Kerry Condemns Turkish Prime Minister’s ‘Objectionable’ Zionism Comments

(Photo: AFP)

Secretary of State John Kerry on Friday said Turkish Prime Minister Tayyip Erdogan’s comment that Zionism is “a crime against humanity” is “objectionable,” echoing the White House’s reaction today, saying his remarks are “offensive and wrong.”

Erdogan made the comments on Wednesday, speaking at a United Nations-sponored event meant to try to bridge the gap between Islam and the West. Instead, Erdogan managed to widen the divide:

“We should be striving to better understand the culture and beliefs of others, but instead we see that people act based on prejudice and exclude others and despise them,” Erdogan said, according to a simultaneous translation provided by the UN. “And that is why it is necessary that we must consider — just like Zionism or anti-Semitism or fascism — Islamophobia as a crime against humanity.”

“We not only disagree with it, we found it objectionable,” Kerry said during a press conference in Ankara with Turkish foreign minister Ahmet Davutoglu. According to Reuters, Kerry said he personally raised the issue with Davutaglu and will do so with Erdogan.

“That said, Turkey and Israel are both vital allies of the United States and we want to see them work together in order to be able to go beyond the rhetoric and begin to take concrete steps to change this relationship,” Kerry added.

United Nations Secretary General Ban Ki-moon’s office said it’s “unfortunate that such hurtful and divisive comments were uttered at a meeting being held under the theme of responsible leadership.”

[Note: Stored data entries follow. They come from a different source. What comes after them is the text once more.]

(* Let $P_k$ be a real symmetric positive semidefinite $n\times n$ matrix, $\tilde P_k\in\mathcal S_n$, and $\hat\Delta_k$ a real symmetric $n\times n$ matrix with nonnegative entries such that $|\tilde P_k-P_k|\leq\hat\Delta_k$ entrywise. Let $S^*_k$ be an optimal solution of $$\min_{S\in\mathcal S_n}\ \operatorname{tr}(\tilde P_k+S)\quad\text{subject to}\quad [S]_{ii}\geq\sum_{j=1}^n[\hat\Delta_k]_{ij}+\sum_{j=1,\,j\neq i}^n|[S]_{ij}|,\ \ i=1,\ldots,n,$$ and set $\hat P_k=\tilde P_k+S_k^*$. Then for every $W\in\{0,1\}^{n\times n}$, $$\|W\odot(\hat P_k-P_k)\|_F\leq\|W\odot(\operatorname{diag}(\hat\Delta_k\mathbf 1)+\hat\Delta_k)\|_F.$$
   Context: $\mathcal S_n$ denotes the set of real symmetric $n\times n$ matrices; $|M|$ is the entrywise absolute value and $\leq$ between matrices is entrywise; $\odot$ is the entrywise (Hadamard) product; $\|\cdot\|_F$ is the Frobenius norm; $\mathbf 1$ is the all-ones vector; $\operatorname{diag}(v)$ is the diagonal matrix with diagonal $v$. *)

From mathcomp Require Import all_boot all_order all_algebra.
Set Implicit Arguments. Unset Strict Implicit. Unset Printing Implicit Defensive.
Import Order.TTheory GRing.Theory Num.Theory.
Local Open Scope ring_scope.

Definition symmx (R : pzRingType) (n : nat) (A : 'M[R]_n) : Prop := A^T = A.

Definition psd (R : realFieldType) (n : nat) (A : 'M[R]_n) : Prop :=
  symmx A /\ forall x : 'cV[R]_n, 0 <= (x^T *m A *m x) 0 0.

Definition hadamard (R : pzRingType) (m n : nat) (A B : 'M[R]_(m, n)) : 'M[R]_(m, n) :=
  \matrix_(i, j) (A i j * B i j).

Definition frob (R : rcfType) (m n : nat) (A : 'M[R]_(m, n)) : R :=
  Num.sqrt (\sum_i \sum_j A i j ^+ 2).

Definition diag_rowsum (R : pzRingType) (n : nat) (D : 'M[R]_n) : 'M[R]_n :=
  diag_mx (\row_i \sum_j D i j).

Definition feasible (R : realDomainType) (n : nat) (Dhat S : 'M[R]_n) : Prop :=
  symmx S /\
  forall i : 'I_n, \sum_j Dhat i j + \sum_(j | j != i) `|S i j| <= S i i.

Definition optimal (R : realDomainType) (n : nat) (Pt Dhat S : 'M[R]_n) : Prop :=
  feasible Dhat S /\
  forall S' : 'M[R]_n, feasible Dhat S' -> \tr (Pt + S) <= \tr (Pt + S').

From mathcomp Require Import all_boot all_order all_algebra.
Import Order.TTheory GRing.Theory Num.Theory.
Local Open Scope ring_scope.

(* Feasibility gives [S i i - (Dhat 1)_i >= sum_{j <> i} |S i j| >= 0] for every i,
   and diag(Dhat 1) is feasible, so an optimal S has total slack
   [tr S - tr diag(Dhat 1) <= 0]; hence every slack vanishes and the optimum is
   exactly diag(Dhat 1).  The error Phat - P is then bounded entrywise by
   diag(Dhat 1) + Dhat, and the Frobenius norm of a Hadamard product is monotone
   in the entrywise absolute values. *)

Section OptimalSolution.

Variables (R : realDomainType) (n : nat) (Dhat : 'M[R]_n).

Lemma feasible_diag_rowsum : feasible Dhat (diag_rowsum Dhat).
Proof.
split; first by rewrite /symmx /diag_rowsum tr_diag_mx.
move=> i; rewrite [X in _ + X]big1 ?addr0; first by rewrite !mxE eqxx mulr1n.
by move=> j ji; rewrite !mxE eq_sym (negbTE ji) mulr0n normr0.
Qed.

Lemma feasible_trace_le_diag_rowsum (S : 'M[R]_n) :
  feasible Dhat S -> \tr S <= \tr (diag_rowsum Dhat) -> S = diag_rowsum Dhat.
Proof.
move=> [_ HS] Htr.
pose slack i := S i i - \sum_j Dhat i j.
have off_le_slack i : \sum_(j | j != i) `|S i j| <= slack i by rewrite lerBrDl.
have slack_ge0 i : 0 <= slack i.
  exact: le_trans (sumr_ge0 _ (fun j _ => normr_ge0 _)) (off_le_slack i).
have sum_slack0 : \sum_i slack i = 0.
  apply: le_anti; rewrite sumr_ge0 // andbT sumrB subr_le0.
  by apply: le_trans Htr _; rewrite mxtrace_diag; under eq_bigr do rewrite mxE.
have slack0 i : slack i = 0 by apply: (psumr_eq0P (fun i _ => slack_ge0 i) sum_slack0).
have off0 i j : j != i -> S i j = 0.
  move=> ji; apply/normr0_eq0.
  have Hoff : \sum_(k | k != i) `|S i k| = 0.
    by apply: le_anti; rewrite sumr_ge0 // andbT -[leRHS](slack0 i).
  exact: (psumr_eq0P (fun k _ => normr_ge0 (S i k)) Hoff).
apply/matrixP => i j; rewrite !mxE.
have [<-|ij] := eqVneq i j; last by rewrite mulr0n off0 // eq_sym.
by rewrite mulr1n; apply/eqP; rewrite -subr_eq0 -/(slack i) slack0.
Qed.

Lemma optimal_diag_rowsum (Pt S : 'M[R]_n) :
  optimal Pt Dhat S -> S = diag_rowsum Dhat.
Proof.
move=> [HS Hopt]; apply: feasible_trace_le_diag_rowsum => //.
by have := Hopt _ feasible_diag_rowsum; rewrite !mxtraceD lerD2l.
Qed.

End OptimalSolution.

Lemma diag_rowsum_error_bound (R : realDomainType) (n : nat) (P Pt Dhat : 'M[R]_n) :
  (forall i j, 0 <= Dhat i j) ->
  (forall i j, `|Pt i j - P i j| <= Dhat i j) ->
  forall i j, `|(Pt + diag_rowsum Dhat - P) i j| <= (diag_rowsum Dhat + Dhat) i j.
Proof.
move=> D0 HD i j; rewrite !mxE.
have [<-|ij] := eqVneq i j; last by rewrite mulr0n add0r addr0.
rewrite mulr1n addrAC (le_trans (ler_normD _ _)) // [leLHS]addrC lerD //.
by rewrite ger0_norm // sumr_ge0.
Qed.

Section Frobenius.

Variables (R : rcfType) (m n : nat).

Lemma frob_le_norm (A B : 'M[R]_(m, n)) :
  (forall i j, `|A i j| <= `|B i j|) -> frob A <= frob B.
Proof.
move=> AB; apply: ler_wsqrtr; apply: ler_sum => i _; apply: ler_sum => j _.
by rewrite -real_normK ?num_real // -[leRHS]real_normK ?num_real // lerXn2r ?nnegrE.
Qed.

Lemma frob_hadamard_le (W A B : 'M[R]_(m, n)) :
  (forall i j, `|A i j| <= B i j) -> frob (hadamard W A) <= frob (hadamard W B).
Proof.
move=> AB; apply: frob_le_norm => i j; rewrite !mxE !normrM ler_wpM2l //.
exact: le_trans (AB i j) (ler_norm _).
Qed.

End Frobenius.

Theorem mainTheorem4 (R : rcfType) (n : nat) (P Pt Dhat Sstar : 'M[R]_n) :
  psd P ->
  symmx Pt ->
  symmx Dhat ->
  (forall i j, 0 <= Dhat i j) ->
  (forall i j, `|Pt i j - P i j| <= Dhat i j) ->
  optimal Pt Dhat Sstar ->
  forall W : 'M[R]_n, (forall i j, W i j = 0 \/ W i j = 1) ->
    frob (hadamard W ((Pt + Sstar) - P))
      <= frob (hadamard W (diag_rowsum Dhat + Dhat)).
Proof.
move=> _ _ _ D0 HD /optimal_diag_rowsum -> W _.
exact/frob_hadamard_le/diag_rowsum_error_bound.
Qed.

CAP’s Matt Duss and Michael Werz also condemned Erdogan’s comments on Thursday. “While Prime Minister Erdogan’s outrageous comments seem intended to isolate Israel, they also threaten to further isolate Turkey,” they wrote, adding that his comments ” seemed like an attitude from a bygone era. Casting Zionism together with anti-Semitism, fascism, and Islamophobia in this way is not only deeply offensive but also quite historically inaccurate and has the potential to promote or justify violence.”